Saturday, December 30, 2006

it feels good to go to the outside world after being trapped at home for many days.. it feels even better doin wat u enjoy and being with people u do enjoy..

on my way back from clementi.. which was a pretty long ride of 156 which i have taken for nearly a decade.. it dawned on me that i have been makin a lot of assumptions in my everyday life.. i assumed it will be a safe ride back home.. when 156 was movin along cte.. it was at a rather fast speed which i was not very comfortable with.. fear and doubt coincidentally clouded my mind.. then i concluded that i should not assume the bus driver will safely bring me home despite takin this ride for so many years..

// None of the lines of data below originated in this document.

Lemma mx_entry_norm_le (R : realDomainType) m n (x : 'M[R]_(m, n)) i j : `|x i j| <= `|x|.
Proof.
rewrite [leRHS]mx_normrE.
exact: (le_bigmax _ (fun ij : 'I_m * 'I_n => `|x ij.1 ij.2|) (i, j)).
Qed.

Section QuadraticGap.
Variables (R : realType) (n : nat) (f : 'rV[R]_n.+1 -> R) (p U : 'rV[R]_n.+1) (C : R).
Hypothesis C_ge0 : 0 <= C.
Hypothesis f_gap : forall V, `|f (U + V) - f U - dotp p V| <= C * `|V| ^+ 2.

Lemma dotp_linear : linear (dotp p).
Proof.
move=> a x y; rewrite /dotp (_ : a *: \sum_i _ = a * \sum_i p 0 i * x 0 i) //.
rewrite mulr_sumr -big_split; apply: eq_bigr => i _.
by rewrite !mxE mulrDr mulrCA.
Qed.

Lemma differentiable_quadratic_gap : differentiable f U /\ grad f U = p.
Proof.
pose dotpL : {linear 'rV[R]_n.+1 -> R} :=
  HB.pack (dotp p) (GRing.isLinear.Build R _ _ _ (dotp p) dotp_linear).
have dotp_cont : continuous dotpL.
  apply: bounded_linear_continuous; exists (\sum_i `|p 0 i|); split; first exact: num_real.
  move=> M hM; apply: filterS (nbhs0_lt ltr01) => x x1 /=.
  apply/ltW/(le_lt_trans _ hM); apply: le_trans (ler_norm_sum _ _ _) _.
  apply: ler_sum => i _; rewrite normrM -[leRHS]mulr1; apply: ler_wpM2l => //.
  exact/ltW/(le_lt_trans (mx_entry_norm_le x 0 i)).
(* The ascription on 0 makes the little-o elaborate in the normed module of row vectors. *)
have df : f \o shift U = cst (f U) + dotpL +o_ (0 : 'rV[R]_n.+1) id.
  apply/eqaddoP => e e0; have C1 : 0 < C + 1 by rewrite ltr_wpDl.
  apply: filterS (nbhs0_lt (divr_gt0 e0 C1)) => x hx /=.
  have -> : (f \o +%R^~ U - (cst (f U) + dotp p)) x = f (U + x) - f U - dotp p x.
    by rewrite /= opprD addrA [U + x]addrC.
  apply: le_trans (f_gap x) _.
  have := normr_ge0 x; rewrite ltr_pdivlMr // in hx; nra.
have dfE := diff_unique dotp_cont df.
have dfU : differentiable f U by apply/diff_locallyP; rewrite dfE.
split => //; apply/rowP => i; rewrite mxE (deriveE _ dfU) dfE /= /dotp.
rewrite (bigD1 i) //= !mxE !eqxx mulr1 big1 ?addr0 // => j ji.
by rewrite !mxE eqxx /= (negbTE ji) mulr0.
Qed.

End QuadraticGap.

Section RealIntegrals.
Context d (T : measurableType d) (R : realType) (mu : {measure set T -> \bar R}).

Lemma integrable_sumr I (s : seq I) (Q : pred I) (f : I -> T -> R) :
  (forall i, Q i -> mu.-integrable setT (EFin \o f i)) ->
  mu.-integrable setT (EFin \o (fun w => \sum_(i <- s | Q i) f i w)).
Proof.
move=> fi; apply: (eq_integrable _ (fun w => \sum_(i <- s | Q i) (EFin \o f i) w)%E) => //.
  by move=> w _; rewrite /= sumEFin.
exact: integrable_sum.
Qed.

Lemma Rintegral_sumr I (s : seq I) (Q : pred I) (f : I -> T -> R) :
  (forall i, Q i -> mu.-integrable setT (EFin \o f i)) ->
  \int[mu]_w (\sum_(i <- s | Q i) f i w) = \sum_(i <- s | Q i) \int[mu]_w f i w.
Proof.
move=> fi; elim: s => [|a s IH].
  by under eq_Rintegral do rewrite big_nil; rewrite big_nil Rintegral_cst // mul0r.
under eq_Rintegral do rewrite big_cons.
rewrite big_cons; case: ifP => Qa; last by rewrite IH.
by rewrite RintegralD ?IH //; [exact: fi | exact: integrable_sumr].
Qed.

Lemma Rintegral_indic (A : set T) : measurable A -> \int[mu]_w \1_A w = fine (mu A).
Proof. by move=> mA; rewrite /Rintegral integral_indic // setIT. Qed.

Lemma integrable_scaler (k : R) (f : T -> R) :
  mu.-integrable setT (EFin \o f) -> mu.-integrable setT (EFin \o (fun w => k * f w)).
Proof.
move=> fi; apply: (eq_integrable _ (fun w => k%:E * (EFin \o f) w)%E) => //.
exact: integrableZl.
Qed.

Lemma integrable_subr (f g : T -> R) :
  mu.-integrable setT (EFin \o f) -> mu.-integrable setT (EFin \o g) ->
  mu.-integrable setT (EFin \o (fun w => f w - g w)).
Proof.
move=> fi gi; apply: (eq_integrable _ ((EFin \o f) \- (EFin \o g))%E) => //.
exact: integrableB.
Qed.

Lemma integrable_indicM (A : set T) (f : T -> R) : measurable A ->
  mu.-integrable setT (EFin \o f) ->
  mu.-integrable setT (EFin \o (fun w => \1_A w * f w)).
Proof.
move=> mA fi; apply: (eq_integrable _ ((EFin \o \1_A) \* (EFin \o f))%E) => //.
apply: integrableMr => //.
exists 1; split => // r r1 w _ /=; rewrite indicE.
by case: (_ \in _); rewrite ?normr1 ?normr0 ltW // (lt_trans _ r1).
Qed.

End RealIntegrals.

Section BoundedDensity.
Context (R : realType) d (Omega : measurableType d) (P : probability Omega R).
Variables (Y : Omega -> R) (g : R -> R) (G : R).
Hypothesis mY : measurable_fun setT Y.
Hypothesis g_ge0 : forall z, 0 <= g z.
Hypothesis mg : measurable_fun setT g.
Hypothesis Y_density : forall A : set R, measurable A ->
  P [set w | A (Y w)] = (\int[lebesgue_measure]_(z in A) (g z)%:E)%E.
Hypothesis g_le : forall z, g z <= G.

Lemma measurable_preimage_itv (l r : R) : measurable [set w | `]l, r]%classic (Y w)].
Proof. by rewrite -[X in measurable X]setTI; apply: mY. Qed.

Lemma prob_itv_le (l r : R) : l <= r ->
  fine (P [set w | `]l, r]%classic (Y w)]) <= G * (r - l).
Proof.
move=> lr; have mA := measurable_preimage_itv l r.
rewrite -lee_fin fineK ?fin_num_measure // Y_density //.
have -> : (G * (r - l))%:E = (\int[lebesgue_measure]_(z in `]l, r]) G%:E)%E.
  rewrite integral_cst //= lebesgue_measure_itv /= lte_fin.
  case: ltP => [_|rl]; first by rewrite -EFinB -EFinM.
  have -> : r = l by apply/le_anti; rewrite rl lr.
  by rewrite subrr mulr0 mule0.
apply: ge0_le_integral => //.
- by move=> z _; rewrite lee_fin.
- by apply/measurable_EFinP; apply: measurable_funS mg.
- by move=> z _; rewrite lee_fin.
Qed.

(* A Riemann sum for the hinge z |-> (z - t + N s)^+ of Y on {Y <= t}, with step s:
   its expectation only involves probabilities of intervals. *)
Definition layer (t s : R) (N : nat) (w : Omega) : R :=
  s * \sum_(k < N) \1_([set w | `](t - (N - k)%:R * s), t]%classic (Y w)]) w.

Lemma layer_ge0 t s N w : 0 <= s -> 0 <= layer t s N w.
Proof. by move=> s0; rewrite mulr_ge0 // sumr_ge0 // => k _; rewrite indicE. Qed.

Lemma maxr0_le_layer t s N w : 0 <= s -> Y w <= t ->
  Num.max 0 (Y w - t + N%:R * s) <= layer t s N w.
Proof.
move=> s0 Yt; apply: le_trans (@maxr0_le_layer_sum _ N _ _ s0 _) _; first lra.
rewrite /layer; apply: ler_wpM2l => //; apply: ler_sum => k _; rewrite indicE.
case: (boolP (_ < _)) => // kY; rewrite mem_set //= in_itv /= Yt andbT.
by rewrite natrB ?(ltnW (ltn_ord k)) // mulrBl; lra.
Qed.

Lemma integrable_layer t s N : P.-integrable setT (EFin \o layer t s N).
Proof.
apply: integrable_scaler; apply: integrable_sumr => k _.
exact/integrable_indic/measurable_preimage_itv.
Qed.

Lemma Rintegral_layer_le t s N : 0 <= s ->
  \int[P]_w layer t s N w <= G * s ^+ 2 * (N%:R * (N%:R + 1) / 2).
Proof.
move=> s0; have mI k := measurable_preimage_itv (t - (N - k)%:R * s) t.
rewrite RintegralZl //; last by apply: integrable_sumr => k _; apply: integrable_indic.
rewrite Rintegral_sumr => [|k _]; last exact: integrable_indic.
rewrite -sum_subn_natr.
have -> : G * s ^+ 2 * \sum_(k < N) (N - k)%:R =
    s * (G * ((\sum_(k < N) (N - k)%:R) * s)) by ring.
apply: ler_wpM2l => //; rewrite mulr_suml mulr_sumr.
apply: ler_sum => k _; rewrite Rintegral_indic //.
apply: le_trans (prob_itv_le _) _; last by rewrite opprB addrC subrK.
by rewrite lerBlDr lerDl mulr_ge0.
Qed.

End BoundedDensity.

Section ExpectedMax.
Context (R : realType) d (Omega : measurableType d) (P : probability Omega R).
Variables (n : nat) (eps : 'I_n.+1 -> Omega -> R) (b : R).
Hypothesis meps : forall i, measurable_fun setT (eps i).
Hypothesis ieps : forall i, P.-integrable setT (fun w => (eps i w)%:E).
Implicit Types (U V : 'rV[R]_n.+1) (w : Omega).

Definition noisy U w : 'I_n.+1 -> R := fun i => U 0 i + b * eps i w.

Definition choice_set U i := [set w | first_argmax (noisy U w) i].

Definition expected_max U := \int[P]_w vmax (noisy U w).

Definition choice_prob U : 'rV[R]_n.+1 := \row_i fine (P (choice_set U i)).

Lemma measurable_noisy U i : measurable_fun setT (fun w => noisy U w i).
Proof. by apply: measurable_funD => //; apply: measurable_funM. Qed.

Lemma integrable_noisy U i : P.-integrable setT (EFin \o (fun w => noisy U w i)).
Proof.
apply: (eq_integrable _ (fun w => (U 0 i)%:E + b%:E * (eps i w)%:E)%E) => //.
apply: integrableD => //; first exact: finite_measure_integrable_cst.
exact: integrableZl.
Qed.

in fact this 156 assumption is not the only one assumption i make everyday.. jus to name a few.. i assume i will wake up in one piece everytime i go to bed.. i assume i am physically able and free to play soccer for the next day and the days to come.. i assume my parents will return safely home from work everytime they leave the house.. i might had decided to give botak jones a miss today as i assume that there are some other time for famous food.. i assume there is time in the future to learn french n guitar so i decided to do other things.. enough of assume this assume that.. i call this 'overloading optimism'.. too much optimism cause us not to treasure ourself our loved ones and our time..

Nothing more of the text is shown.